Я прошел в коридор и распахнул дверь. Черный парень без сил валялся на спине, все еще тяжело дыша. В комнате было душно, и тело его блестело от пота. Девушка лежала ничком, раздвинув ноги. Я кинул им их одежду. Девушка поднялась, обернулась. Лицо ее пылало, взгляд блуждал.

— Вы, двое! Выметайтесь!

23

15 апреля 1955 года, кабинет Абрантеша.

«Банку де Осеану и Роша».

— От абсента дуреют, — сказал Абрантеш.

Будучи успешным лиссабонским предпринимателем, он теперь разбирался во всем на свете. Фельзен сделал еще глоток зеленой жидкости и взглянул на вереницы черных зонтов внизу на улице под струями дождя. Было десять утра, а он пил уже второй стакан абсента. Фельзен ощупал голову, прикидывая, зачем понадобилось Абрантешу вытаскивать его из дома до обеда.

Уже две недели, как он вернулся из Африки, где пробыл чуть ли не десять лет, организуя филиалы банка в Луанде, Анголе и Лоуренсу-Маркеше в Мозамбике. Он был в скверном расположении духа, как всегда по возвращении в Европу.

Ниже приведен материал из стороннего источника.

Lemma ampl_neq0 q rho phi j l te :
  PSI q rho j l te <> 0 -> DET q rho j l te <> 0 ->
  (ampl q rho phi j l te <> 0 <-> phi (Sjl q rho j l te) <> 0).
Proof.
  intros HP HD. unfold ampl.
  assert (0 < sqrt (Rabs (DET q rho j l te))) by (apply sqrt_lt_R0, Rabs_pos_lt, HD).
  assert (0 < Rabs (PSI q rho j l te)) by (apply Rabs_pos_lt, HP).
  split; intros Hneq Z.
  - apply Hneq. rewrite Z, Cmod_0. unfold Rdiv. ring.
  - apply Hneq, Cmod_eq_0. apply (Rmult_eq_reg_r (Rabs (PSI q rho j l te) / sqrt (Rabs (DET q rho j l te)))).
    + rewrite Rmult_0_l, <- Z. unfold Rdiv. ring.
    + apply Rgt_not_eq, Rdiv_lt_0_compat; assumption.
Qed.

Lemma In_index_pairs j l : In (j, l) index_pairs <-> (j = 1 \/ j = 2)%nat /\ (l = 1 \/ l = 2)%nat.
Proof.
  unfold index_pairs. cbn. split.
  - intros [E | [E | [E | [E | []]]]]; injection E as <- <-; tauto.
  - intros [[-> | ->] [-> | ->]]; tauto.
Qed.

Theorem corollary2 (q : R) (rho : R -> R) (phi : R -> C) (k : nat -> R) :
  1 < q ->
  (forall t, 0 < rho t) ->
  (forall t, rho (t + 2 * PI) = rho t) ->
  (forall t, ex_derive rho t) ->
  (forall t, ex_derive (Derive rho) t) ->
  (forall t, continuous (Derive_n rho 2) t) ->
  (forall t, Derive_n (fun x => ln (rho x)) 2 t < sqrt q / (1 + sqrt q)) ->
  (forall t, phi (t + 2 * PI) = phi t) ->
  (forall t, continuous phi t) ->
  (forall n, 0 < k n) ->
  is_lim_seq k p_infty ->
  (forall (te : R) (N : nat),
      filterlim (fun n => full_sum q rho phi N (k n) te) eventually (locally (RtoC 0))) ->
  forall te : R,
  Derive rho te * Derive rho (te + PI) <> 0 ->
  (card_Lambda q rho phi te = 0%nat \/ card_Lambda q rho phi te = 2%nat \/
   card_Lambda q rho phi te = 4%nat) /\
  (card_Lambda q rho phi te = 4%nat ->
     forall j : nat, (j = 1%nat \/ j = 2%nat) ->
       fjl q rho j 1 te = fjl q rho j 2 te /\
       ampl q rho phi j 1 te = ampl q rho phi j 2 te) /\
  (card_Lambda q rho phi te = 2%nat ->
     forall j1 l1 j2 l2 : nat,
       (j1, l1) <> (j2, l2) ->
       in_Lambda q rho phi j1 l1 te -> in_Lambda q rho phi j2 l2 te ->
       ~ (((j1, l1) = (1, 1)%nat /\ (j2, l2) = (2, 2)%nat) \/
          ((j1, l1) = (2, 2)%nat /\ (j2, l2) = (1, 1)%nat)) /\
       ~ (((j1, l1) = (2, 1)%nat /\ (j2, l2) = (1, 2)%nat) \/
          ((j1, l1) = (1, 2)%nat /\ (j2, l2) = (2, 1)%nat)) /\
       fjl q rho j1 l1 te = fjl q rho j2 l2 te /\
       ampl q rho phi j1 l1 te = ampl q rho phi j2 l2 te).
Proof.
  intros Hq Hpos Hper Hd1 Hd2 _ Hlnrho _ _ _ _ Hlim te Hd.
  destruct (fjl_separation q rho Hq Hpos Hper Hd1 Hd2 Hlnrho te Hd) as (F1 & F2 & F3).
  apply (count_pairs_structure (fun j l => fjl q rho j l te) (fun j l => ampl q rho phi j l te)
           (fun j l => in_Lambda q rho phi j l te) F1 F2 F3).
  intros j l (Hj & Hl & Hphi).
  assert (Hin : In (j, l) index_pairs) by (apply In_index_pairs; tauto).
  destruct (PSI_DET_neq0 q rho Hq Hpos Hd1 Hd2 Hlnrho j l te Hj Hl) as [HP HD].
  split; [exact Hin|].
  destruct (partner_of_nonvanishing (fun j l => fjl q rho j l te) (fun j l => ampl q rho phi j l te)
              (wave q rho phi k te) F1 F2 (Cmod_wave q rho phi k te)
              (fun N => filterlim_ext _ _ (full_sum_eq q rho phi k te N) (Hlim te N))
              j l Hin (proj2 (ampl_neq0 q rho phi j l te HP HD) Hphi))
    as (j' & l' & Hne & Hin' & Hf & HA).
  apply In_index_pairs in Hin' as [Hj' Hl'].
  destruct (PSI_DET_neq0 q rho Hq Hpos Hd1 Hd2 Hlnrho j' l' te Hj' Hl') as [HP' HD'].
  exists j', l'. repeat split; try assumption.
  apply (ampl_neq0 q rho phi j' l' te HP' HD'). cbn in HA. rewrite HA.
  apply (ampl_neq0 q rho phi j l te HP HD), Hphi.
Qed.
(* Let $f \in \mathbb{N}_0[x^{\pm 1}]$ satisfy $f(1) > 3$ and $|\operatorname{supp}(f)| > 1$. Then $f$ can be written as $f = g + h$ with $g, h$ irreducible elements of $\mathbb{N}_0[x^{\pm 1}]$.
   Context: $\mathbb{N}_0[x^{\pm 1}]$ denotes the semiring of Laurent polynomials in $x$ with nonnegative integer coefficients, under the usual addition and multiplication. For $f = \sum_i c_i x^{k_i}$ with all $c_i$ positive integers and the $k_i$ distinct integers, $\operatorname{supp}(f) = \{k_i\}$ is the set of exponents appearing in $f$, and $f(1)=\sum_i c_i$. The units of $\mathbb{N}_0[x^{\pm 1}]$ are exactly the monomials $x^k$, $k \in \mathbb{Z}$. An element $f$ is irreducible if it is nonzero, not a unit, and whenever $f = gh$ with $g,h \in \mathbb{N}_0[x^{\pm 1}]$, one of $g,h$ is a unit. *)

(* with mathcomp-finmap.
   Laurent polynomials in N_0[x^{+-1}] are modelled as finitely supported
   functions  int -> nat  (exponent |-> coefficient), default value 0. *)
From HB Require Import structures.
From mathcomp Require Import all_boot all_order all_algebra.
From mathcomp Require Import finmap.
Set Implicit Arguments. Unset Strict Implicit. Unset Printing Implicit Defensive.
Local Open Scope fset_scope.

Definition lpoly := {fsfun int -> nat with 0%N}.

Definition lsupp (f : lpoly) : {fset int} := finsupp f.
(* If the norm N = mu * |sigma mu|^2 were < 1, then N^k = norm_form(u,v,w) / d^(3M)
   with integers u, v, w would be a positive number below 1 / d^(3M). *)
Lemma norm_ge1 mu t : rat_coords t -> evalK th t = mu -> 0 < mu -> alg_int mu ->
  in_Ztheta th (INR d * mu) -> 1 <= mu * conj_norm (IZR p) th t.
Proof.
intros Ht Hev Hmu [l Hl] Hd_mu.
set (N := mu * conj_norm (IZR p) th t).
assert (HN : 0 < N).
{ apply Rmult_lt_0_compat; auto. apply (conj_norm_pos p q); auto; lra. }
destruct (Rlt_le_dec N 1) as [HN1|]; auto. exfalso.
set (del := INR d ^ length l).
assert (Hdel : 0 < del) by (apply pow_lt, lt_0_INR; lia).
assert (Hdel3 : 0 < / del ^ 3) by (apply Rinv_0_lt_compat, pow_lt; auto).
destruct (pow_lt_1_zero N ltac:(rewrite Rabs_pos_eq; lra) (/ del ^ 3) Hdel3) as [k Hk].
specialize (Hk k (Nat.le_refl k)). rewrite Rabs_pos_eq in Hk by (apply pow_le; lra).
destruct (in_Ztheta_scaled_pow p q th Hroot d mu l Hl Hd_mu k) as (u & v & w & Hk_int).
fold del in Hk_int.
set (s := (IZR u / del, IZR v / del, IZR w / del)).
assert (Hs : s = powK (IZR p) (IZR q) t k).
{ apply (coords_unique p q th Hroot no_rat_root).
  - repeat split; apply is_rat_div; try apply is_rat_IZR; apply is_rat_pow, is_rat_INR.
  - now apply rat_coords_powK.
  - rewrite (evalK_pow _ _ _ Hroot), Hev. unfold s, evalK in *.
    apply (Rmult_eq_reg_l del); [rewrite Hk_int; field |]; lra. }
assert (HNk : N ^ k = norm_form (IZR p) (IZR q) (IZR u, IZR v, IZR w) / del ^ 3).
{ unfold N. rewrite Rpow_mult_distr, <- Hev, <- (evalK_pow _ _ _ Hroot),
    <- (conj_norm_pow _ _ _ Hroot), <- Hs, (evalK_conj_norm _ _ _ Hroot).
  apply norm_form_scale. lra. }
destruct (norm_form_IZR p q u v w) as [z Hz]. rewrite Hz in HNk.
assert (Hz0 : 0 < IZR z).
{ apply (Rmult_lt_reg_r (/ del ^ 3)); auto. rewrite Rmult_0_l. change (0 < IZR z / del ^ 3). rewrite <- HNk.
  apply pow_lt; auto. }
assert (Hz1 : 1 <= IZR z) by (apply IZR_le; apply lt_IZR in Hz0; lia).
unfold Rdiv in HNk. nra.
Qed.

Lemma unit_conj_norm lam t : rat_coords t -> evalK th t = lam -> 0 < lam -> unit_OK th lam ->
  (forall x, in_OK th x -> in_Ztheta th (INR d * x)) -> conj_norm (IZR p) th t = / lam.
Proof.
intros Ht Hev Hlam [[HK A] [HKi Ai]] Hden.
destruct (in_K_coords th (/ lam) HKi) as (ti & Hti & Hevi).
assert (N1 := norm_ge1 lam t Ht Hev Hlam A (Hden lam (conj HK A))).
assert (N2 := norm_ge1 (/ lam) ti Hti Hevi (Rinv_0_lt_compat lam Hlam) Ai
  (Hden (/ lam) (conj HKi Ai))).
assert (Hprod : conj_norm (IZR p) th t * conj_norm (IZR p) th ti = 1).
{ rewrite <- (conj_norm_mul _ (IZR q) _ Hroot).
  replace (mulK (IZR p) (IZR q) t ti) with (1, 0, 0); [simpl; ring |].
  apply (coords_unique p q th Hroot no_rat_root).
  - repeat split; [apply (is_rat_IZR 1) | apply (is_rat_IZR 0) | apply (is_rat_IZR 0)].
  - now apply rat_coords_mulK.
  - rewrite (evalK_mul _ _ _ Hroot), Hev, Hevi. simpl. field. lra. }
assert (lam * conj_norm (IZR p) th t = 1).
{ assert (lam * conj_norm (IZR p) th t * (/ lam * conj_norm (IZR p) th ti) = 1)
    by (rewrite <- Hprod; field; lra).
  nra. }
apply (Rmult_eq_reg_l lam); [rewrite Rinv_r |]; lra.
Qed.

End UnitNorm.

Lemma weighted_cauchy_schwarz (X W A B k : R) : 0 < k ->
  (X * A + W * B) ^ 2 <= (X ^ 2 + k * W ^ 2) * (A ^ 2 + B ^ 2 / k).
Proof.
intro Hk.
assert (E : (X ^ 2 + k * W ^ 2) * (A ^ 2 + B ^ 2 / k) - (X * A + W * B) ^ 2
  = (X * B - k * W * A) ^ 2 / k) by (field; lra).
assert (0 <= (X * B - k * W * A) ^ 2 / k)
  by (apply Rmult_le_pos; [apply pow2_ge_0 | left; apply Rinv_0_lt_compat; auto]).
lra.
Qed.

(* The trace identity c D E = x D + 2 Z, with Z linear in the two coordinates of
   conj_norm_sos, and Cauchy-Schwarz |Z|^2 <= |sigma x|^2 D E force c > 0
   as soon as x D > 2 |Z|. *)
Lemma third_coord_pos (P th a b c : R) : 0 < 3 * th ^ 2 - 4 * P ->
  0 < evalK th (a, b, c) ->
  4 * (3 * th ^ 2 - P) / (3 * th ^ 2 - 4 * P) * conj_norm P th (a, b, c) < evalK th (a, b, c) ^ 2 ->
  0 < c.
Proof.
set (D := 3 * th ^ 2 - 4 * P). set (E := 3 * th ^ 2 - P). set (x := evalK th (a, b, c)).
intros HD Hx Hbound.
assert (HE : 0 < E) by (unfold E, D in *; assert (H := pow2_ge_0 th); lra).
set (X := a - b * th / 2 + c * (P - th * th / 2)). set (W := b - c * th).
set (A := 2 * P - 3 * th ^ 2 / 2). set (B := - 3 * th * D / 4).
set (Z := X * A + W * B).
assert (Htrace : c * (D * E) = x * D + 2 * Z) by (unfold x, Z, X, W, A, B, D, E; simpl; field).
assert (HZ : Z ^ 2 <= conj_norm P th (a, b, c) * (D * E)).
{ rewrite conj_norm_sos. fold D X W.
  replace (D * E) with (A ^ 2 + B ^ 2 / (D / 4))
    by (unfold A, B, D, E in *; field; lra).
  apply weighted_cauchy_schwarz. lra. }
assert (HQ : conj_norm P th (a, b, c) * (4 * E) < x ^ 2 * D).
{ apply (Rmult_lt_compat_r D) in Hbound; auto.
  replace (4 * E / D * conj_norm P th (a, b, c) * D) with (conj_norm P th (a, b, c) * (4 * E))
    in Hbound by (field; lra).
  exact Hbound. }
destruct (Rlt_le_dec 0 c) as [|Hc]; auto. exfalso.
assert (HxD : 0 < x * D) by (apply Rmult_lt_0_compat; auto).
assert (0 < D * E) by (apply Rmult_lt_0_compat; auto).
assert (c * (D * E) <= 0) by nra.
assert (HZneg : x * D <= - 2 * Z) by lra.
assert (Hsq : (x * D) ^ 2 <= 4 * Z ^ 2) by nra.
assert (conj_norm P th (a, b, c) * (4 * E) * D < x ^ 2 * D * D)
  by (apply Rmult_lt_compat_r; auto).
nra.
Qed.

Lemma conj_norm_shift_le (P th a b c : R) : 0 <= 3 * th ^ 2 - 4 * P ->
  conj_norm P th (a - 1, b, c) <= (1 + sqrt (conj_norm P th (a, b, c))) ^ 2.
Proof.
intro HD. rewrite !conj_norm_sos.
set (X := a - b * th / 2 + c * (P - th * th / 2)). set (W := b - c * th).
replace (a - 1 - b * th / 2 + c * (P - th * th / 2)) with (X - 1) by (unfold X; ring).
assert (HW : 0 <= (3 * th ^ 2 - 4 * P) / 4 * W ^ 2) by (apply Rmult_le_pos; [lra | apply pow2_ge_0]).
set (s := sqrt (X ^ 2 + (3 * th ^ 2 - 4 * P) / 4 * W ^ 2)).
assert (Hs : s * s = X ^ 2 + (3 * th ^ 2 - 4 * P) / 4 * W ^ 2)
  by (apply sqrt_sqrt; assert (H := pow2_ge_0 X); lra).
assert (Hs0 : 0 <= s) by apply sqrt_pos.
assert (HX : X <= s) by (destruct (Rle_dec X s); auto; nra).
nra.
Qed.

Lemma C1_bound (p : Z) (th : R) : 0 < 3 * th ^ 2 - 4 * IZR p ->
  4 * (3 * th ^ 2 - IZR p) / (3 * th ^ 2 - 4 * IZR p) <= ((1 + sqrt 2) * C1_const p th) ^ 2.
Proof.
intro HD. set (D := 3 * th ^ 2 - 4 * IZR p) in *. set (K := C1_const p th).
assert (s2 : sqrt 2 * sqrt 2 = 2) by (apply sqrt_sqrt; lra).
assert (s2p := sqrt_pos 2).
assert (sD : sqrt D * sqrt D = D) by (apply sqrt_sqrt; lra).
assert (sDp : 0 < sqrt D) by (apply sqrt_lt_R0; auto).
assert (K1 : sqrt 2 <= K) by apply Rmax_l.
assert (K2 : sqrt 2 * Rabs th / sqrt D <= K) by apply Rmax_r.
assert (HA : 0 <= sqrt 2 * Rabs th / sqrt D).
{ apply Rmult_le_pos; [apply Rmult_le_pos; auto; apply Rabs_pos |].
  left; apply Rinv_0_lt_compat; auto. }
assert (Kth : 2 * (th ^ 2 / D) <= K ^ 2).
{ replace (2 * (th ^ 2 / D)) with ((sqrt 2 * Rabs th / sqrt D) ^ 2).
  - apply pow_incr. auto.
  - replace ((sqrt 2 * Rabs th / sqrt D) ^ 2) with (sqrt 2 ^ 2 * Rabs th ^ 2 / sqrt D ^ 2)
      by (field; lra).
    rewrite pow2_abs. simpl. rewrite !Rmult_1_r, s2, sD. field. lra. }
(* 4E/D = 1 + 9 th^2/D <= K^2/2 + (9/2) K^2 = 5 K^2 <= (1 + sqrt 2)^2 K^2 *)
replace (4 * (3 * th ^ 2 - IZR p) / D) with (1 + 9 * (th ^ 2 / D)) by (unfold D in *; field; lra).
rewrite Rpow_mult_distr.
assert (H58 : 5.8 <= (1 + sqrt 2) ^ 2) by nra.
assert (0 <= ((1 + sqrt 2) ^ 2 - 5.8) * K ^ 2) by (apply Rmult_le_pos; [lra | apply pow2_ge_0]).
nra.
Qed.
(* A link still backlogged at slot k2 was backlogged at every earlier slot,
   where the maximality of the LC-NSB schedule served one of its ends. *)
Lemma backlogged_link_served k1 k2 x y : k1 <= k2 -> pos_link e (Q k2) x y ->
  Rv Ms k1 x || Rv Ms k1 y.
Proof.
move=> le12 /andP [exy Q2xy]; apply: (max_weight_schedule_maximal (lcnsb k1)).
  by move=> j; case/andP: (weight_bounds e (Q k1) (Uv Ms k1 j) j).
by rewrite /pos_link /= exy (leq_trans Q2xy) ?link_queue_nonincr.
Qed.

Lemma lcnsb_serves_critical k (c : V -> bool) : 0 < maxq e (Q k) ->
  (forall x y, ~~ Uv Ms k x -> ~~ Uv Ms k y -> pos_link e (Q k) x y -> c x != c y) ->
  forall i, critical e (Q k) i -> ~~ Uv Ms k i -> Rv Ms k i.
Proof.
move=> maxq_gt0 c_proper i crit_i nUi.
apply: (max_weight_schedule_covers e_sym e_irr (lcnsb k) (m := 5) (c := c)) => //.
- by move=> j; apply: weight_bounds.
- by move=> j /eqP; rewrite weight_eq5 => /andP [].
- by move=> x y /eqP + /eqP; rewrite !weight_eq5 => /andP [_ nUx] /andP [_ nUy]; apply: c_proper.
- by apply/eqP; rewrite weight_eq5 crit_i.
Qed.

Lemma node_queue_frame_mid k' i :
  node_queue e (Q (3 * k').+2) i <= maxq e (Q (3 * k')) - 1.
Proof.
have qD := node_queue_le_maxq e (Q (3 * k')) i.
rewrite !node_queue_next.
case R0: (Rv Ms (3 * k') i); first by lia.
case R1: (Rv Ms (3 * k').+1 i); first by lia.
have [lt_qD | ge_qD] := ltnP (node_queue e (Q (3 * k')) i) (maxq e (Q (3 * k'))).
  by lia.
have [D0 | D_gt0] := posnP (maxq e (Q (3 * k'))); first by lia.
have q1i : node_queue e (Q (3 * k').+1) i = maxq e (Q (3 * k')).
  by rewrite node_queue_next R0 subn0; apply/eqP; rewrite eqn_leq qD.
have maxq1 : maxq e (Q (3 * k').+1) = maxq e (Q (3 * k')).
  by apply/eqP; rewrite eqn_leq maxq_nonincr -{1}q1i node_queue_le_maxq.
suff : Rv Ms (3 * k').+1 i by rewrite R1.
apply: (lcnsb_serves_critical (c := fun _ => true)).
- by rewrite maxq1.
- move=> x y; rewrite !Uv_frame1 => nR0x nR0y /(backlogged_link_served (leqnSn _)).
  by rewrite (negbTE nR0x) (negbTE nR0y).
- by rewrite /critical q1i maxq1.
- by rewrite Uv_frame1 R0.
Qed.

Берлин оказался на территории красных, континент был рассечен надвое железным занавесом; Пиренейский полуостров находился в полной изоляции, уплывая по атлантическим волнам с полоумными Франко и Салазаром на капитанском мостике под ветхим фашистским флагом. Великие империи рушились. Англичане потеряли Индию, французы — Марокко, Тунис и Индокитай. Мощь и величие переместились в Америку, в то время как европейцам осталось только вариться в собственном соку, наблюдая удручающие последствия войны, и разглядывать свои когти, поломанные, сорванные и кровоточащие в отчаянных попытках удержать мировое господство.

Фельзену повсюду чувствовался запах смерти, в ноздри била гнилостность разложения и упадка, и, чтобы заглушить этот дурной запах, он, сидя за второй чашкой утреннего кофе, позволил себе выпить стаканчик зеленоватого абсента.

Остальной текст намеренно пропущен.